[cairo] Proposal to disable PDF and PS backends by default for 1.0

Owen Taylor otaylor at redhat.com
Wed Aug 24 07:11:19 PDT 2005

On Wed, 2005-08-24 at 14:46 +0100, Gustavo J. A. M. Carneiro wrote:
>   Hello,
> On Wed, 2005-08-24 at 05:12 -0700, Carl Worth wrote:
> > As sad as it is to do so, I think the right thing to do at this point
> > is to disable-by-default the PDF and PostScript backends and mark them
> > as experimental in the 1.0 release notes. This is definitely a shame
> > as we won't have a solid implementation of display-and-print in 1.0,
> > but we still have a solid story about where we're headed in that area.
> > 
> > And I think it's actually better to avoid advertising as complete
> > backends that just aren't quite there yet.
> > 
> > I think the important thing here is to look at 1.0 for what it
> > is---the beginning---and move forward quickly to lots of improved
> > versions of cairo down the road.
>   As much as I admire your desire to have a perfect 1.0 implementation,
> when deciding whether GNOME 2.12 would adopt gtk+ 2.8 with cairo, you
> said[1]:
> 	"I just updated the ROADMAP[1] to reflect our current plans, which is
> 	  that all API _changes_ are scheduled for an as-soon-as-possible 0.6,
> 	leaving just a couple of API additions on the 1.0 roadmap."
>   Well, removing PDF/PS backends is a _huge_ API break, but you were
> supposed to only make API _additions_ after 0.6 release.

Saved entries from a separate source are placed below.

(* In the setting described in the context, for every $(u_1,\dots,u_n)\in\widetilde C(U,W,\alpha)$ we have $u_i(p_j)=j$ for all $1\le j<i\le n$. In particular $\mathrm{fix}_{(\alpha_i,n]}(u_i,u_{i+1})\cap[a,i]\subseteq[a,0]$ for every $i\in[n-1]$, and hence $\widetilde{\mathrm{wt}}^n_\alpha(u_1,\dots,u_n)(y_1,\dots,y_{n-1};\mathbf y)$ is a product of pairwise distinct factors $(y_i-y_j)$ with $i\in[n-1]$ and $j\in[a,0]$.
   Context: Permutations: for integers $a\le n$, $S_{[a,n]}$ is the set of bijections of $\mathbb Z$ fixing every integer outside $[a,n]$, one-line notation $[w(a),\dots,w(n)]$; $\tau_{i,j}$ swaps $i<j$, $u\tau_{i,j}=u\circ\tau_{i,j}$; $\ell(u)$ = number of inversions; $u\lessdot_k u\tau_{i,j}$ if $i\le k<j$ and $\ell(u\tau_{i,j})=\ell(u)+1$; $u\xrightarrow{k}w$ if there is a chain $u=v_1\lessdot_k\cdots\lessdot_k v_s=w$ ($s\ge1$), $v_{t+1}=v_t\tau_{i_t,j_t}$, with $v_1(i_1)<\cdots<v_{s-1}(i_{s-1})$. $\mathrm{fix}_I(u,v)=\{u(t):t\in I,\ u(t)=v(t)\}$. For $\beta=(\beta_1,\dots,\beta_m)$, $C(u,w,\beta)$ is the set of $(v_1,\dots,v_{m+1})$ with $v_1=u$, $v_{m+1}=w$, $v_i\xrightarrow{\beta_i}v_{i+1}$. Setting: fix $a\le0<n$ and $A=\{(r,c):1\le r\le n,\ a\le c\le r\}$. Let $\gamma=(\gamma_N,\gamma_E,\gamma_S,\gamma_W)$ be a boundary condition of $A$: $\gamma_N(c)$ ($c\in[a,n]$) is the label of the pipe entering through the top edge of the top cell $(\max(c,1),c)$ of column $c$ or $\varnothing$; $\gamma_E(r)$ that of the pipe entering through the right edge of $(r,r)$ or $\varnothing$; $\gamma_S(c)$ that of the pipe exiting through the bottom edge of $(n,c)$ or $\varnothing$; $\gamma_W(r)$ that of the pipe exiting through the left edge of $(r,a)$ or $\varnothing$. Assume $\gamma_S(c)\neq\varnothing$ for $c\in[a,n]$, $\gamma_W(r)=\varnothing$ and $\gamma_N(r)\ne\varnothing$ for $r\in[n]$, and the non-$\varnothing$ values of $\gamma_N,\gamma_E$ are exactly $a,\dots,n$, increasing along the order: top edges of columns $a,\dots,1$, right edge of row 1, top edge of column 2, right edge of row 2, …, top edge of column $n$, right edge of row $n$ (the values of $\gamma_S$ are then also exactly $a,\dots,n$). Put $p_c=\gamma_N(c)$ ($c\in[n]$), $\alpha_i=p_{i+1}-1$, $\alpha=(\alpha_1,\dots,\alpha_{n-1})$. $P_r=\{w\in S_{[a,n]}:w(p_j)=j\ \forall j\in(r,n]\}$; $\iota_r:P_r\to S_{[a,r]}$ deletes the values $r+1,\dots,n$ from one-line notation. $W\in P_1$: $\iota_1(W)(\ell)=\gamma_N^{-1}(\ell)$ for $\ell\in[a,p_1]$ and $\iota_1(W)$ decreasing on $(p_1,1]$. $U\in S_{[a,n]}$: $U(\ell)=\gamma_S^{-1}(\ell)$ for $\ell\in[a,n]$. $\widetilde C(U,W,\alpha)$ is the set of $(u_1,\dots,u_n)\in C(U,W,\alpha)$ with $i\notin\mathrm{fix}_{(\alpha_i,n]}(u_i,u_{i+1})$ for all $i\in[n-1]$, and $\widetilde{\mathrm{wt}}^n_\alpha(u_1,\dots,u_n)(x_1,\dots,x_{n-1};\mathbf y)=\prod_{i\in[n-1]}\prod_{j\in\mathrm{fix}_{(\alpha_i,n]}(u_i,u_{i+1})\cap[a,i]}(x_i-y_j)$. *)

From mathcomp Require Import all_boot all_order all_algebra.
Set Implicit Arguments. Unset Strict Implicit. Unset Printing Implicit Defensive.
Import Order.TTheory GRing.Theory Num.Theory.
Local Open Scope ring_scope.

Definition irange (lo hi : int) : seq int :=
  if lo <= hi then [seq lo + (k%:Z) | k <- iota 0 (absz (hi - lo)).+1] else [::].

Definition inZ (lo hi t : int) : bool := (lo <= t) && (t <= hi).

Definition supported_in (u : int -> int) (lo hi : int) : Prop :=
  forall t, ~~ inZ lo hi t -> u t = t.

Definition in_S (a n : int) (u : int -> int) : Prop :=
  bijective u /\ supported_in u a n.

Definition tau (i j t : int) : int := if t == i then j else if t == j then i else t.
Definition rmul_tau (u : int -> int) (i j : int) : int -> int := fun t => u (tau i j t).

Definition inv_on (lo hi : int) (u : int -> int) : nat :=
  count (fun st : int * int => (st.1 < st.2) && (u st.2 < u st.1))
        [seq (s, t) | s <- irange lo hi, t <- irange lo hi].

(* l(u) = l : the number of inversions of the finitely supported permutation u
   is l (counted on any window containing the support of u) *)
Definition length_is (u : int -> int) (l : nat) : Prop :=
  exists lo hi, supported_in u lo hi /\ inv_on lo hi u = l.

Definition kcover_via (k : int) (u v : int -> int) (i j : int) : Prop :=
  [/\ i <= k, k < j, v = rmul_tau u i j &
      exists l : nat, length_is u l /\ length_is v l.+1].

Definition karrow (k : int) (u w : int -> int) : Prop :=
  exists (s : nat) (vs : nat -> int -> int) (iss jss : nat -> int),
    [/\ (0 < s)%N, vs 0%N = u, vs s.-1 = w,
        (forall t : nat, (t.+1 < s)%N -> kcover_via k (vs t) (vs t.+1) (iss t) (jss t)) &
        (forall t : nat, (t.+2 < s)%N -> vs t (iss t) < vs t.+1 (iss t.+1))].

Definition fixb (lo hi : int) (u v : int -> int) (x : int) : bool :=
  has (fun t => (u t == v t) && (u t == x)) (irange (lo + 1) hi).

(* The order of the north/east boundary edges: top edges of columns a..0,
   then (top edge of column r, right edge of row r) for r = 1..n. *)
Definition bnd_order (gN gE : int -> option int) (a n : int) : seq (option int) :=
  map gN (irange a 0) ++ flatten [seq [:: gN r; gE r] | r <- irange 1 n].

Definition boundary_ok (a n : int) (gN gE gS gW : int -> option int) : Prop :=
  [/\ (forall c, inZ a n c -> gS c != None),
      (forall r, inZ 1 n r -> gW r = None),
      (forall r, inZ 1 n r -> gN r != None),
      pmap id (bnd_order gN gE a n) = irange a n &
      perm_eq (pmap gS (irange a n)) (irange a n)].

Definition pcol (gN : int -> option int) (c : int) : int := odflt 0 (gN c).
Definition alpha (gN : int -> option int) (i : int) : int := pcol gN (i + 1) - 1.

(* iota_r : delete the values r+1..n from the one-line notation [W(a),...,W(n)] *)
Definition iota_del (a n r : int) (W : int -> int) (l : int) : int :=
  if inZ a r l then nth 0 [seq x <- map W (irange a n) | x <= r] (absz (l - a)) else l.

Definition W_ok (a n : int) (gN : int -> option int) (W : int -> int) : Prop :=
  [/\ in_S a n W,
      (forall j, inZ 2 n j -> W (pcol gN j) = j),
      (forall l, inZ a (pcol gN 1) l -> gN (iota_del a n 1 W l) = Some l) &
      (forall s t, pcol gN 1 < s -> s < t -> t <= 1 ->
                   iota_del a n 1 W t < iota_del a n 1 W s)].

Definition U_ok (a n : int) (gS : int -> option int) (U : int -> int) : Prop :=
  in_S a n U /\ (forall l, inZ a n l -> gS (U l) = Some l).

(* (u_1,...,u_n) in Ctilde(U, W, alpha), the tuple given as i |-> uu i *)
Definition Ctilde (a n : int) (gN : int -> option int) (U W : int -> int)
    (uu : int -> int -> int) : Prop :=
  [/\ uu 1 = U, uu n = W &
      forall i, inZ 1 (n - 1) i ->
        karrow (alpha gN i) (uu i) (uu (i + 1)) /\
        ~~ fixb (alpha gN i) n (uu i) (uu (i + 1)) i].

(* wt~^n_alpha(u_1..u_n)(x;y), evaluated at arbitrary values in a comm. ring *)
Definition wt (R : comNzRingType) (a n : int) (gN : int -> option int)
    (uu : int -> int -> int) (x y : int -> R) : R :=
  \prod_(i <- irange 1 (n - 1))
     \prod_(j <- irange a i | fixb (alpha gN i) n (uu i) (uu (i + 1)) j) (x i - y j).

(* Along a k-chain u -k-> w, entries at positions <= k only grow, entries at
   positions > k only shrink, and an entry that changes at a position > k ends
   below some entry at a position <= k: a k-cover u < u tau_{i,j} has
   u(i) < u(j), for otherwise swapping back would increase the length again.
   The positions p_1 < ... < p_n increase and W(p_j) = j. Since u_{i+1}, ...,
   u_n = W only grow at positions <= alpha_i = p_{i+1} - 1, every entry of
   u_{i+1} there is at most i. Induct on i: for j < i, u_{i+1}(p_j) is squeezed
   between u_i(p_j) = j and W(p_j) = j. The value i of u_{i+1} cannot lie right
   of alpha_i: beyond n it would exceed W there, if it moved it would lie below
   an entry <= i, and if it did not move it would be a forbidden fixed point.
   So it lies where W has the value i, namely at p_i. Finally, a fixed value
   j in [1, i] would sit at p_j <= alpha_i, outside (alpha_i, n]. *)

From mathcomp Require Import all_boot all_order all_algebra zify.
Set Implicit Arguments. Unset Strict Implicit. Unset Printing Implicit Defensive.
Import Order.TTheory GRing.Theory Num.Theory.
Local Open Scope ring_scope.

Lemma irangeE (lo hi : int) : lo <= hi + 1 ->
  irange lo hi = [seq lo + k%:Z | k <- iota 0 (absz (hi - lo + 1))].
Proof.
rewrite /irange; case: ifP => [h1 _|h1 h2]; first by congr map; congr iota; lia.
by have -> : absz (hi - lo + 1) = 0%N by lia.
Qed.

Lemma mem_irange (lo hi x : int) : (x \in irange lo hi) = (lo <= x <= hi).
Proof.
rewrite /irange; case: ifP => h; last by rewrite in_nil; lia.
apply/mapP/idP => [[k]|hx]; first by rewrite mem_iota => /andP[_ hk] ->; lia.
by exists (absz (x - lo)); [rewrite mem_iota|]; lia.
Qed.

Lemma uniq_irange (lo hi : int) : uniq (irange lo hi).
Proof.
rewrite /irange; case: ifP => // _; rewrite map_inj_uniq ?iota_uniq //.
by move=> k1 k2 /addrI [].
Qed.

Lemma sorted_irange (lo hi : int) : sorted <%R (irange lo hi).
Proof.
rewrite /irange; case: ifP => // _.
by apply: (homo_sorted (e := ltn)) (iota_ltn_sorted _ _) => x y /=; lia.
Qed.

Lemma size_irange (lo hi : int) : lo <= hi + 1 ->
  size (irange lo hi) = absz (hi - lo + 1).
Proof. by move=> h; rewrite irangeE // size_map size_iota. Qed.

Lemma nth_irange (lo hi : int) k : (k < size (irange lo hi))%N ->
  nth 0 (irange lo hi) k = lo + k%:Z.
Proof.
rewrite /irange; case: ifP => // _; rewrite size_map size_iota => hk.
by rewrite (nth_map 0%N) ?size_iota // nth_iota.
Qed.

Lemma irange_split (lo c hi : int) : lo <= c <= hi + 1 ->
  irange lo hi = irange lo (c - 1) ++ irange c hi.
Proof.
move=> hc; rewrite !irangeE; try lia.
have -> : absz (hi - lo + 1) = addn (absz (c - 1 - lo + 1)) (absz (hi - c + 1)) by lia.
rewrite iotaD map_cat add0n; congr (_ ++ _).
rewrite -[in LHS](addn0 (absz _)) iotaDl -map_comp.
by apply: eq_map => k /=; lia.
Qed.

Lemma irange_cons (lo hi : int) : lo <= hi -> irange lo hi = lo :: irange (lo + 1) hi.
Proof.
move=> h; rewrite (@irange_split lo (lo + 1)); last by lia.
by rewrite addrK {1}/irange lexx subrr /= addr0.
Qed.

Lemma irange_mid (lo c hi : int) : lo <= c <= hi ->
  irange lo hi = irange lo (c - 1) ++ c :: irange (c + 1) hi.
Proof. by move=> h; rewrite (@irange_split lo c) ?(@irange_cons c) //; lia. Qed.

Lemma sorted_cat_cons_rel (T : eqType) (r : rel T) (s1 s2 : seq T) x y :
  transitive r -> sorted r (s1 ++ y :: s2) -> x \in s1 -> r x y.
Proof.
move=> r_tr; elim: s1 => // z s1 IH /= hp; rewrite in_cons => /orP[/eqP ->|hx].
  move: hp; rewrite path_sortedE //.
  by case/andP => /allP -> //; rewrite mem_cat mem_head orbT.
exact: IH (path_sorted hp) hx.
Qed.

Lemma ge_int_ind (lo : int) (P : int -> Prop) :
  P lo -> (forall i, lo <= i -> P i -> P (i + 1)) -> forall i, lo <= i -> P i.
Proof.
move=> P0 PS i hi; have [d ->] : exists d : nat, i = lo + d%:Z.
  by exists (absz (i - lo)); lia.
elim: d {hi} => [|d IH]; first by rewrite addr0.
by rewrite -addn1 PoszD addrA; apply: PS => //; lia.
Qed.

Lemma homo_ler_int_steps (g : int -> int) (i m : int) : i <= m ->
  (forall l, i <= l -> l < m -> g l <= g (l + 1)) -> g i <= g m.
Proof.
move: m; apply: ge_int_ind => // m hm IH hs.
apply: le_trans (IH _) (hs _ hm _) => [l hl hlm|]; last by lia.
by apply: hs; lia.
Qed.

Definition inv_pair (w : int -> int) (x y : int) : bool := (x < y) && (w y < w x).

Definition inversions (I : seq int) (w : int -> int) : nat :=
  (\sum_(x <- I) \sum_(y <- I) inv_pair w x y)%N.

There is a context for every statement; Cairo is structured as a core
API and a swarm of backends. There are some backends that are clearly
unstable (Quartz) or depend upon unstable libraries (XCB, glitz).
We can't make API guarantees there. On the other hand, for the 
parts of the API that GTK+ is depending on we can make a very
solid API guarantees.

The basic fact is that these backends don't really fully work. On,
say, a Fedora system (where the default Sans-Serif font is the 
postscript version of Luxi Sans), drawing with either the PDF or
PS backend will produce no output, since Type1 font embedding
code isn't there yet.

I don't think this is a black and white question. When balancing
the problem of someone trying to use the PDF or PS backend and
getting frustrated when things don't work or it crashes versus
the partial utility we have now, I could go either way.

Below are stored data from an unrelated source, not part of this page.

Lemma Cdist_refl (z : Cx) : Cdist z z = 0.
Proof.
  rewrite Cdist_Cmod. replace (Complex.Cminus z z) with (Complex.RtoC 0).
  - apply Complex.Cmod_0.
  - destruct z; unfold Complex.Cminus, Complex.Cplus, Complex.Copp, Complex.RtoC;
      simpl; f_equal; ring.
Qed.

Lemma Cdist_triangle (x y z : Cx) : Cdist x z <= Cdist x y + Cdist y z.
Proof.
  rewrite !Cdist_Cmod.
  replace (Complex.Cminus x z)
    with (Complex.Cplus (Complex.Cminus x y) (Complex.Cminus y z)).
  - apply Complex.Cmod_triangle.
  - destruct x, y, z; unfold Complex.Cminus, Complex.Cplus, Complex.Copp;
      simpl; f_equal; ring.
Qed.

Lemma Cdist_translate (p q c : Cx) : Cdist (Cadd p c) (Cadd q c) = Cdist p q.
Proof. unfold Cdist, Cadd; simpl; f_equal; ring. Qed.

Lemma Cdist_mul (a b a0 b0 : Cx) :
  Cdist (Cmul a b) (Cmul a0 b0) <= Cmod a * Cdist b b0 + Cdist a a0 * Cmod b0.
Proof.
  rewrite !Cdist_Cmod.
  replace (Complex.Cminus (Cmul a b) (Cmul a0 b0)) with
    (Complex.Cplus (Complex.Cmult a (Complex.Cminus b b0))
                   (Complex.Cmult (Complex.Cminus a a0) b0)).
  - eapply Rle_trans; [apply Complex.Cmod_triangle|].
    rewrite !Complex.Cmod_mult. lra.
  - destruct a, b, a0, b0; unfold Cmul, Complex.Cmult, Complex.Cminus,
      Complex.Cplus, Complex.Copp; simpl; f_equal; ring.
Qed.

Lemma Cdist_fpoly_c (d : nat) (c z : Cx) : Cdist (fpoly d c z) c = Cmod z ^ d.
Proof.
  rewrite <- Complex.Cmod_pow. change (Complex.Cpow z d) with (Cpow z d).
  unfold fpoly, Cdist, Cadd, Complex.Cmod; simpl; f_equal; ring.
Qed.

Definition continuous_map (g : Cx -> Cx) : Prop :=
  forall z e, 0 < e -> exists h, 0 < h /\
    forall w, Cdist w z < h -> Cdist (g w) (g z) < e.

Lemma continuous_id : continuous_map (fun w => w).
Proof. intros z e He; exists e; auto. Qed.
Lemma Ck_id n : Ck n D (fun x => x).
Proof.
  destruct n as [|n]; simpl; auto. split.
  - intros; apply ex_derive_id.
  - apply (Ck_ext n (fun _ => 1)); [|apply Ck_const]. intros x _. now rewrite Derive_id.
Qed.

Lemma Ck_plus n f g : Ck n D f -> Ck n D g -> Ck n D (fun x => f x + g x).
Proof.
  revert f g; induction n as [|n IH]; simpl; auto.
  intros f g [Hf HDf] [Hg HDg]. split.
  - intros x Hx. exact (ex_derive_plus f g x (Hf x Hx) (Hg x Hx)).
  - apply (Ck_ext n (fun x => Derive f x + Derive g x)); auto.
    intros x Hx. rewrite Derive_plus; auto.
Qed.

Lemma Ck_mult n f g : Ck n D f -> Ck n D g -> Ck n D (fun x => f x * g x).
Proof.
  revert f g; induction n as [|n IH]; simpl; auto.
  intros f g Hf Hg. split.
  - intros x Hx. apply ex_derive_mult; [apply Hf | apply Hg]; auto.
  - apply (Ck_ext n (fun x => Derive f x * g x + f x * Derive g x)).
    + intros x Hx. rewrite Derive_mult; auto; [apply Hf | apply Hg]; auto.
    + apply Ck_plus; apply IH; try apply Hf; try apply Hg;
        apply (Ck_pred n); simpl; auto.
Qed.

Lemma Ck_opp n f : Ck n D f -> Ck n D (fun x => - f x).
Proof.
  intros Hf. apply (Ck_ext n (fun x => -1 * f x)); [intros; ring|].
  apply Ck_mult; auto using Ck_const.
Qed.

Lemma Ck_minus n f g : Ck n D f -> Ck n D g -> Ck n D (fun x => f x - g x).
Proof. intros Hf Hg. apply Ck_plus; auto using Ck_opp. Qed.

Lemma Ck_pow n f m : Ck n D f -> Ck n D (fun x => f x ^ m).
Proof.
  intros Hf. induction m as [|m IH]; simpl; [apply Ck_const | apply Ck_mult; auto].
Qed.

End Ck_calculus.

Lemma Ck_subset n (D D' : R -> Prop) f :
  (forall x, D' x -> D x) -> Ck n D f -> Ck n D' f.
Proof.
  revert f; induction n as [|n IH]; simpl; auto.
  intros f HD [Hf HDf]. split; auto.
Qed.

Lemma Ck_comp n (D E : R -> Prop) h p : open D -> open E ->
  (forall x, D x -> E (p x)) -> Ck n E h -> Ck n D p -> Ck n D (fun x => h (p x)).
Proof.
  revert h p; induction n as [|n IH]; simpl; auto.
  intros h p HD HE Hp Hh Hpp. split.
  - intros x Hx. apply ex_derive_comp; [apply Hh, Hp | apply Hpp]; auto.
  - apply (Ck_ext D HD n (fun x => Derive p x * Derive h (p x))).
    + intros x Hx. symmetry. apply Derive_comp; [apply Hh, Hp | apply Hpp]; auto.
    + apply Ck_mult; auto; [apply Hpp|].
      apply IH; auto; [apply Hh | apply (Ck_pred D n); simpl; auto].
Qed.

Lemma Ck_Rinv n : Ck n (fun x => x <> 0) Rinv.
Proof.
  induction n as [|n IH]; simpl; auto.
  assert (Hd : forall x, x <> 0 -> is_derive Rinv x (-1 * (/ x * / x))).
  { intros x Hx. replace (-1 * (/ x * / x)) with (- 1 / x ^ 2) by (field; auto).
    exact (is_derive_inv (fun y => y) x 1 (is_derive_id x) Hx). }
  split.
  - intros x Hx. eexists. apply Hd, Hx.
  - apply (Ck_ext _ (open_neq 0) n (fun x => -1 * (/ x * / x))).
    + intros x Hx. symmetry. apply is_derive_unique, Hd, Hx.
    + apply Ck_mult; auto using open_neq, Ck_const. apply Ck_mult; auto using open_neq.
Qed.

Lemma Ck_sqrt n : Ck n (fun x => 0 < x) sqrt.
Proof.
  induction n as [|n IH]; simpl; auto.
  assert (Hd : forall x, 0 < x -> is_derive sqrt x (/ (2 * sqrt x))).
  { intros x Hx. replace (/ (2 * sqrt x)) with (1 / (2 * sqrt x))
      by (field; apply Rgt_not_eq, sqrt_lt_R0, Hx).
    exact (is_derive_sqrt (fun y => y) x 1 (is_derive_id x) Hx). }
  split.
  - intros x Hx. eexists. apply Hd, Hx.
  - apply (Ck_ext _ (open_gt 0) n (fun x => / (2 * sqrt x))).
    + intros x Hx. symmetry. apply is_derive_unique, Hd, Hx.
    + apply (Ck_comp n _ (fun x => x <> 0)); auto using open_gt, open_neq, Ck_Rinv.
      * intros x Hx. apply Rgt_not_eq, Rmult_lt_0_compat; [lra | apply sqrt_lt_R0, Hx].
      * apply Ck_mult; auto using open_gt, Ck_const.
Qed.

Lemma Ck_div n D f g : open D -> (forall x, D x -> g x <> 0) ->
  Ck n D f -> Ck n D g -> Ck n D (fun x => f x / g x).
Proof.
  intros HD Hg Hf Hg'. apply Ck_mult; auto.
  apply (Ck_comp n D (fun x => x <> 0) Rinv g); auto using open_neq, Ck_Rinv.
Qed.

Lemma Ck_sqrt_comp n D f : open D -> (forall x, D x -> 0 < f x) ->
  Ck n D f -> Ck n D (fun x => sqrt (f x)).
Proof.
  intros HD Hf Hf'. apply (Ck_comp n D (fun x => 0 < x)); auto using open_gt, Ck_sqrt.
Qed.

Ltac solve_Ck := repeat first [ assumption | apply Ck_minus | apply Ck_plus
  | apply Ck_mult | apply Ck_pow | apply Ck_const | apply Ck_id ].

Lemma Ck_ex_derive_n n D f x : open D -> Ck n D f -> D x -> ex_derive_n f n x.
Proof.
  revert f; induction n as [|n IH]; intros f HD Hf Hx; [simpl; auto|].
  destruct Hf as [Hf HDf]. destruct n as [|n]; [apply Hf, Hx|].
  assert (H : ex_derive_n (Derive f) (S n) x) by (apply IH; auto).
  simpl in H |- *. apply ex_derive_ext with (Derive_n (Derive f) n); auto.
  intros y. change (Derive f) with (Derive_n f 1).
  now rewrite Derive_n_comp, Nat.add_comm.
Qed.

But we really are concentrating on the deadlines and stability
guarantees we need to have for GNOME-2.12 at the moment; and
the printing API of GNOME-2.12 is libgnomeprint. The PS and PDF
backends are not relevant to that.

>   Even with that consideration apart, I don't think disabling the PDF
> backend just because the gradients don't look so good is a sound idea.
> Sure, go ahead and document it as experimental, but please don't disable
> them by default, they are still useful.  Many applications out there
> don't need to use gradients, and so do not trigger these bugs.  But if
> this backend is disabled by default, and if distributions follow this
> default, people won't test it, you don't get bug reports, and it won't
> improve much, leaving GNOME stuck with a buggy PDF library again in 6
> months.  

My guess is that that we'd enable these backends immediately again in
CVS after the release; patches to fix some of the major outstanding
issues are close to being ready to land. These backends are in no
way being abandoned, but what we don't want to do is "false advertising"
that we have PS and PDF backends fully working when they aren't.

> And cairo was supposed to bridge the gap between screen and
> printing worlds; if both PS and PDF backends are left out, imho it is
> failing the main goal, and is only marginally useful.

Having an *API* that can bridge screen and printing and starting to
use that is quite valuable, even if we don't have finished
implementations of the printing side.